Hungarian Opposition Girds for Democracy

IN only a few months, Hungary has radically shifted course from a one-party communist state to being well on its way toward becoming a parliamentary democracy. And nowhere is the urgency more felt than in the newly founded opposition groups. Presidential elections are tentatively scheduled for Nov. 26 and the elections to parliament no later than next June. The present parliament, which has already passed drastic changes in Hungary's Constitution, will meet again today to continue its work on far-reaching reforms. The parliament will consider an opposition petition to postpone the presidential vote.

Opposition groups scramble just to keep up with the rapid changes. But unlike the ruling former communist (now socialist) party, they must start from scratch.

``No one was prepared for this,'' says Csaba Kiss, a founder and spokesman for the Democratic Forum.

The Democratic Forum is the largest of the opposition groups: It claims more than 20,000 members. The group can be described as a middle-of-the-road coalition, in which everyone except those on the far right and the far left can be found. Its program calls for the dismantling of the state sector.

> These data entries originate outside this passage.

(* Let $\alpha$ be a composition of $n$ and let $D=S_{\omega(\alpha)}\subseteq[n-1]$. Then for each $i\ge 0$, $$\hat L_\alpha^{(i)}=\sum_{E\subseteq[n+i-1]}|T(D,E)|\,L_{\omega(\mathcal C(E))}.$$
   Context: For a composition $\alpha=(\alpha_1,\dots,\alpha_k)$ of $n$, $S_\alpha=\{\alpha_1,\alpha_1+\alpha_2,\dots,\alpha_1+\dots+\alpha_{k-1}\}\subseteq[n-1]$; for $E=\{e_1<\dots<e_k\}\subseteq[m-1]$, $\mathcal C(E)=(e_1,e_2-e_1,\dots,m-e_k)$, a composition of $m$. $\mathrm{rev}(\alpha)=(\alpha_k,\dots,\alpha_1)$ and $\omega(\alpha)$ is the composition of $n$ with $S_{\omega(\alpha)}=[n-1]\setminus S_{\mathrm{rev}(\alpha)}$. $L_\beta$ is the fundamental quasisymmetric function: for $\beta$ a composition of $m$, $L_\beta=\sum x_{i_1}\cdots x_{i_m}$ over $i_1\le\dots\le i_m$ with $i_j<i_{j+1}$ whenever $j\in S_\beta$. $\hat L_\alpha=\sum x^\sigma$, summed over all sequences $(\sigma_1,\dots,\sigma_n)$ of nonempty finite multisets of positive integers with $\max\sigma_j\le\min\sigma_{j+1}$ for all $j$ and $\max\sigma_j<\min\sigma_{j+1}$ when $j\in S_\alpha$, where $x^\sigma=\prod_r x_r^{(\text{total multiplicity of } r \text{ in } \sigma_1,\dots,\sigma_n)}$. $\hat L_\alpha^{(i)}$ denotes the homogeneous component of $\hat L_\alpha$ of degree $n+i$. For $D\subseteq[n-1]$ and $E\subseteq[n+i-1]$, an $i$-extension of $D$ to $E$ is an injective order-preserving map $t:[n-1]\to[n+i-1]$ with $t(D)\subseteq E$ and $E\setminus t(D)=[n+i-1]\setminus t([n-1])$; $T(D,E)$ is the set of $i$-extensions of $D$ to $E$. *)

From HB Require Import structures.
From mathcomp Require Import all_boot all_algebra.
From mathcomp Require Import mpoly.
Set Implicit Arguments. Unset Strict Implicit. Unset Printing Implicit Defensive.
Import GRing.Theory.
Local Open Scope ring_scope.

Definition is_comp (n : nat) (a : seq nat) : bool :=
  all (fun x => 0 < x)%N a && (sumn a == n).

Definition Sset (a : seq nat) : pred nat :=
  fun k => k \in [seq sumn (take j a) | j <- iota 1 (size a).-1].

(* C(E) for E a subset of [m-1] (given as a predicate on nat, only its
   elements in [m-1] matter): (e1, e2-e1, ..., m-ek) *)
Definition compOfSet (m : nat) (E : pred nat) : seq nat :=
  pairmap (fun x y => y - x)%N 0%N (rcons [seq k <- iota 1 m.-1 | E k] m).

Definition omega (n : nat) (a : seq nat) : seq nat :=
  compOfSet n (fun k => ~~ Sset (rev a) k).

(* A set E : {set 'I_k} encodes the subset {v+1 | v in E} of [k]. *)
Definition natset (k : nat) (E : {set 'I_k}) : pred nat :=
  fun x => [exists v in E, x == (val v).+1].

(* The fundamental quasisymmetric function L_b, truncated to the variables
   x_1..x_N (variable x_{r+1} is 'X_r, r : 'I_N). *)
Definition tval (N m : nat) (t : m.-tuple 'I_N) (j : nat) : nat :=
  nth 0%N [seq val x | x <- t] j.

Definition fundL (N : nat) (b : seq nat) : {mpoly int[N]} :=
  \sum_(t : (sumn b).-tuple 'I_N |
         [forall j : 'I_(sumn b), (j.+1 < sumn b)%N ==>
            ((tval t j <= tval t j.+1)%N &&
             (Sset b j.+1 ==> (tval t j < tval t j.+1)%N))])
     \prod_(j < sumn b) 'X_(tnth t j).

(* Degree (n+i) component of hat L_a, truncated to x_1..x_N.  A sequence
   (sigma_1..sigma_n) of nonempty finite multisets is given by multiplicity
   functions; in degree n+i every multiplicity is <= n+i. *)
Definition mult (N n K : nat) (s : n.-tuple {ffun 'I_N -> 'I_K.+1})
  (j : nat) (r : 'I_N) : nat := nth [ffun => ord0] s j r.

Definition hatL (N n i : nat) (a : seq nat) : {mpoly int[N]} :=
  \sum_(s : n.-tuple {ffun 'I_N -> 'I_(n + i).+1} |
         [&& (\sum_(j < n) \sum_(r : 'I_N) mult s j r == n + i)%N,
             [forall j : 'I_n, [exists r : 'I_N, (0 < mult s j r)%N]] &
             [forall j : 'I_n, (j.+1 < n)%N ==>
                [forall r : 'I_N, forall r' : 'I_N,
                   ((0 < mult s j r)%N && (0 < mult s j.+1 r')%N) ==>
                   ((r <= r')%N && (Sset a j.+1 ==> (r < r')%N))]]])
     \prod_(j < n) \prod_(r : 'I_N) 'X_r ^+ mult s j r.

(* |T(D,E)| for D subset of [n-1], E subset of [m-1]: maps t : [n-1] -> [m-1]
   (k+1 |-> (t k)+1) injective and order preserving (= strictly increasing),
   with t(D) in E and E \ t(D) = [m-1] \ t([n-1]). *)
Definition Tcount (n m : nat) (D E : pred nat) : nat :=
  #|[set t : {ffun 'I_n.-1 -> 'I_m.-1} |
     [&& [forall k : 'I_n.-1, forall k' : 'I_n.-1, (k < k')%N ==> (t k < t k')%N],
         [forall k : 'I_n.-1, D k.+1 ==> E (t k).+1] &
         [forall v : 'I_m.-1,
            (E v.+1 && ~~ [exists k : 'I_n.-1, D k.+1 && (t k == v)])
            == ~~ [exists k : 'I_n.-1, t k == v]]]]|.

From Pilot Require Import Defs.
From HB Require Import structures.
From mathcomp Require Import all_boot all_algebra.
From mathcomp Require Import mpoly.
From mathcomp Require Import zify.
Set Implicit Arguments. Unset Strict Implicit. Unset Printing Implicit Defensive.
Import GRing.Theory.

(* Both sides are sums over pairs (p, w) of a strictly increasing map
   p : [n-1] -> [n+i-1] and a weakly increasing word w of length n+i that must
   increase strictly at the positions p(j) with j in S_alpha.

   On the left, p records where the n multisets sigma_1, ..., sigma_n end when
   their elements are written out in increasing order one after the other, and
   w is that concatenated word.

   On the right, an i-extension t of D = S_omega(alpha) determines E uniquely:
   E = t(D) together with everything outside the image of t.  The descent set
   of omega(C(E)) is {k | n+i-k not in E}; after reflecting t (k |-> n-2-k on
   the source and v |-> n+i-2-v on the target) it becomes exactly the set of
   strict positions above, because S_omega(alpha) is the reflected complement
   of S_alpha. *)

Lemma Sset_rev (a : seq nat) k : (k <= sumn a) ->
  Sset (rev a) k = Sset a (sumn a - k).
Proof.
move=> hk; rewrite /Sset size_rev.
have sumn_take_rev j : (j <= size a) ->
  sumn (take j (rev a)) = (sumn a - sumn (take (size a - j) a)).
  move=> hj; rewrite take_rev sumn_rev.
  have := cat_take_drop (size a - j) a => /(congr1 sumn); rewrite sumn_cat => <-.
  by rewrite addKn.
have sumn_take_le j : (sumn (take j a) <= sumn a).
  by rewrite -{2}(cat_take_drop j a) sumn_cat leq_addr.
apply/mapP/mapP => -[j]; rewrite mem_iota => /andP[j1 j2] hj.
- exists (size a - j); first by rewrite mem_iota; lia.
  rewrite hj sumn_take_rev; last by lia.
  have := sumn_take_le (size a - j); have := sumn_take_le (size a - (size a - j)).
  have -> : (size a - (size a - j) = j) by lia.
  lia.
- exists (size a - j); first by rewrite mem_iota; lia.
  rewrite sumn_take_rev; last by lia.
  have -> : (size a - (size a - j) = j) by lia.
  have := sumn_take_le j; lia.
Qed.

Lemma sumn_take_pairmap x0 (u : seq nat) j : path leq x0 u -> (j <= size u) ->
  sumn (take j (pairmap (fun x y => y - x) x0 u)) = (nth x0 (x0 :: u) j - x0).
Proof.
elim: u x0 j => [|y u IH] x0 j.
  by case: j => [|j] //= _ _; rewrite subnn.
case: j => [|j] /=; first by rewrite subnn.
move=> /andP[xy pu] hj; rewrite IH //.
have : (y <= nth y (y :: u) j).
  have := sorted_leq_nth leq_trans leqnn y (s := y :: u) pu.
  by move=> /(_ 0 j); apply => //; rewrite inE /=; lia.
rewrite (set_nth_default y x0) /=; last by lia.
lia.
Qed.

Section CompOfSet.
Variables (m : nat) (E : pred nat).
Let cuts := [seq k <- iota 1 m.-1 | E k].

Lemma size_compOfSet : size (compOfSet m E) = (size cuts).+1.
Proof. by rewrite /compOfSet size_pairmap size_rcons. Qed.

Lemma sumn_take_compOfSet j : (j <= (size cuts).+1) ->
  sumn (take j (compOfSet m E)) = nth 0 (0 :: rcons cuts m) j.
Proof.
have cuts_sorted : sorted ltn cuts.
  by apply: sorted_filter; [exact: ltn_trans | exact: iota_ltn_sorted].
have cuts_range k : k \in cuts -> (0 < k < m).
  by rewrite mem_filter mem_iota => /andP[_]; lia.
have path_cuts : path leq 0 (rcons cuts m).
  rewrite rcons_path; apply/andP; split.
    case: cuts cuts_sorted cuts_range => //= x s ss _.
    exact: (sub_path (fun a b => @ltnW a b) ss).
  case: cuts cuts_sorted cuts_range => //= x s _ sr.
  by have := sr (last x s); rewrite mem_last => /(_ isT); lia.
by move=> hj; rewrite /compOfSet sumn_take_pairmap // ?subn0 // size_rcons.
Qed.

Lemma sumn_compOfSet : sumn (compOfSet m E) = m.
Proof.
rewrite -(take_size (compOfSet m E)) size_compOfSet sumn_take_compOfSet //=.
by rewrite nth_rcons ltnn eqxx.
Qed.

Lemma Sset_compOfSet k : Sset (compOfSet m E) k = [&& (0 < k), (k < m) & E k].
Proof.
rewrite /Sset size_compOfSet /=.
have -> : [seq sumn (take j (compOfSet m E)) | j <- iota 1 (size cuts)] = cuts.
  rewrite (_ : [seq sumn (take j (compOfSet m E)) | j <- iota 1 (size cuts)] =
     [seq nth 0 (rcons cuts m) j.-1 | j <- iota 1 (size cuts)]); last first.
    apply/eq_in_map => j; rewrite mem_iota => /andP[h1 h2].
    by rewrite sumn_take_compOfSet; [case: j h1 {h2} | lia].
  rewrite -[1]addn0 iotaDl -map_comp.
  rewrite (eq_map (g := fun j => nth 0 (rcons cuts m) j)); last by [].
  by rewrite map_nth_iota0 ?size_rcons // -cats1 take_size_cat.
by rewrite mem_filter mem_iota andbC; lia.
Qed.

End CompOfSet.

Lemma Sset_omega n a k : sumn a = n -> (0 < k < n) ->
  Sset (omega n a) k = ~~ Sset a (n - k).
Proof.
move=> sa hk; rewrite /omega Sset_compOfSet Sset_rev sa; last lia.
by case/andP: hk => -> ->.
Qed.

Definition descWord N m (P : pred nat) (w : m.-tuple 'I_N) : bool :=
  [forall j : 'I_m, (j.+1 < m) ==>
     ((Defs.tval w j <= Defs.tval w j.+1) &&
      (P j.+1 ==> (Defs.tval w j < Defs.tval w j.+1)))].

Definition fundLP N m (P : pred nat) : {mpoly int[N]} :=
  \sum_(w : m.-tuple 'I_N | descWord P w) \prod_(j < m) 'X_(tnth w j).

Lemma fundLE N b : fundL N b = fundLP N (sumn b) (Sset b).
Proof. by []. Qed.

Lemma eq_fundLP N m (P Q : pred nat) : (forall k, (0 < k < m) -> P k = Q k) ->
  fundLP N m P = fundLP N m Q.
Proof.
move=> PQ; apply: eq_bigl => w; apply: eq_forallb => j.
by case: (ltnP j.+1 m) => // hj; rewrite PQ.
Qed.

Lemma fundL_omega_compOfSet N m (P : pred nat) :
  fundL N (omega m (compOfSet m P)) = fundLP N m (fun k => ~~ P (m - k)).
Proof.
rewrite fundLE sumn_compOfSet; apply: eq_fundLP => k hk.
rewrite Sset_omega ?sumn_compOfSet // Sset_compOfSet.
have k_lt : (0 < m - k < m) by lia.
by case/andP: k_lt => -> ->.
Qed.

Section IncreasingMaps.
Variables a b : nat.

Definition incr (t : {ffun 'I_a -> 'I_b}) : bool :=
  [forall k : 'I_a, forall k' : 'I_a, (k < k') ==> (t k < t k')].

Lemma incr_inj t : incr t -> injective t.
Proof.
move=> /forallP incr_t k k' e; apply: val_inj => /=.
case: (ltngtP k k') => // hk.
- by have := forallP (incr_t k) k'; rewrite hk e ltnn.
- by have := forallP (incr_t k') k; rewrite hk e ltnn.
Qed.

Definition rev_ffun (t : {ffun 'I_a -> 'I_b}) : {ffun 'I_a -> 'I_b} :=
  [ffun k => rev_ord (t (rev_ord k))].

Lemma rev_ffunK : involutive rev_ffun.
Proof. by move=> t; apply/ffunP => k; rewrite !ffunE !rev_ordK. Qed.

Lemma incr_rev_ffun t : incr (rev_ffun t) = incr t.
Proof.
suff incr_rev u : incr u -> incr (rev_ffun u).
  by apply/idP/idP => [/incr_rev|/incr_rev //]; rewrite rev_ffunK.
move=> /forallP incr_u; apply/forallP => k; apply/forallP => k'; apply/implyP => kk'.
rewrite !ffunE /=.
have /implyP := forallP (incr_u (rev_ord k')) (rev_ord k); rewrite /=.
have := ltn_ord k'; have := ltn_ord (u (rev_ord k)); have := ltn_ord (u (rev_ord k')).
move=> h1 h2 h3 /(_ _); lia.
Qed.

End IncreasingMaps.

Lemma natsetE k (E : {set 'I_k}) (v : 'I_k) : natset E v.+1 = (v \in E).
Proof.
apply/existsP/idP => [[w /andP[wE /eqP [e]]]|vE]; last by exists v; rewrite vE eqxx.
by rewrite (_ : v = w) //; apply: val_inj.
Qed.

(* The only E for which t can be an extension of D to E. *)
Definition extSet a b (D : pred nat) (t : {ffun 'I_a -> 'I_b}) : {set 'I_b} :=
  [set v | [exists k : 'I_a, D k.+1 && (t k == v)] || ~~ [exists k : 'I_a, t k == v]].

Lemma is_extensionE a b (D : pred nat) (E : {set 'I_b}) (t : {ffun 'I_a -> 'I_b}) :
  [&& [forall k : 'I_a, forall k' : 'I_a, (k < k') ==> (t k < t k')],
      [forall k : 'I_a, D k.+1 ==> natset E (t k).+1] &
      [forall v : 'I_b,
         (natset E v.+1 && ~~ [exists k : 'I_a, D k.+1 && (t k == v)])
         == ~~ [exists k : 'I_a, t k == v]]]
  = incr t && (E == extSet D t).
Proof.
rewrite -/(incr t); case: (incr t) => //=.
apply/andP/eqP => [[/forallP tD /forallP tE]|->].
  apply/setP => v; rewrite inE.
  case: (boolP [exists k : 'I_a, D k.+1 && (t k == v)]) => [|notD].
    by case/existsP=> k /andP[Dk /eqP <-]; have := implyP (tD k) Dk; rewrite natsetE.
  by have /eqP := tE v; rewrite natsetE notD andbT.
split.
  apply/forallP => k; apply/implyP => Dk; rewrite natsetE inE.
  by apply/orP; left; apply/existsP; exists k; rewrite Dk eqxx.
apply/forallP => v; rewrite natsetE inE.
case: (boolP [exists k : 'I_a, D k.+1 && (t k == v)]) => hD /=.
  rewrite eq_sym eqbF_neg negbK.
  by case/existsP: hD => k /andP[_ e]; apply/existsP; exists k.
by rewrite andbT; case: (boolP [exists k : 'I_a, t k == v]).
Qed.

Mr. Kiss has never before been politically active; he was never a member of the illegal opposition. Kiss wants parliamentary elections to be held no later than next March.

``For the stability of Hungary, the elections should be held as soon as possible,'' he said. ``With an unstable Hungary, there is a greater risk for a Soviet intervention.''

Kiss hastens to add, however, that an even greater danger today in Hungary is the weak economy and the passivity of the people. They need a new attitude a feeling of responsibility for themselves and what is happening in Hungary, he says.

The Democratic Forum is only one of at least nine opposition groups trying to organize themselves into political parties.

These include the Alliance of Free Democrats (a group of intellectuals which stands a bit to the left of the Democratic Forum) and the Federation of Young Democrats (a national youth organization that seeks parliamentary democracy and a market economy along with strong social programs).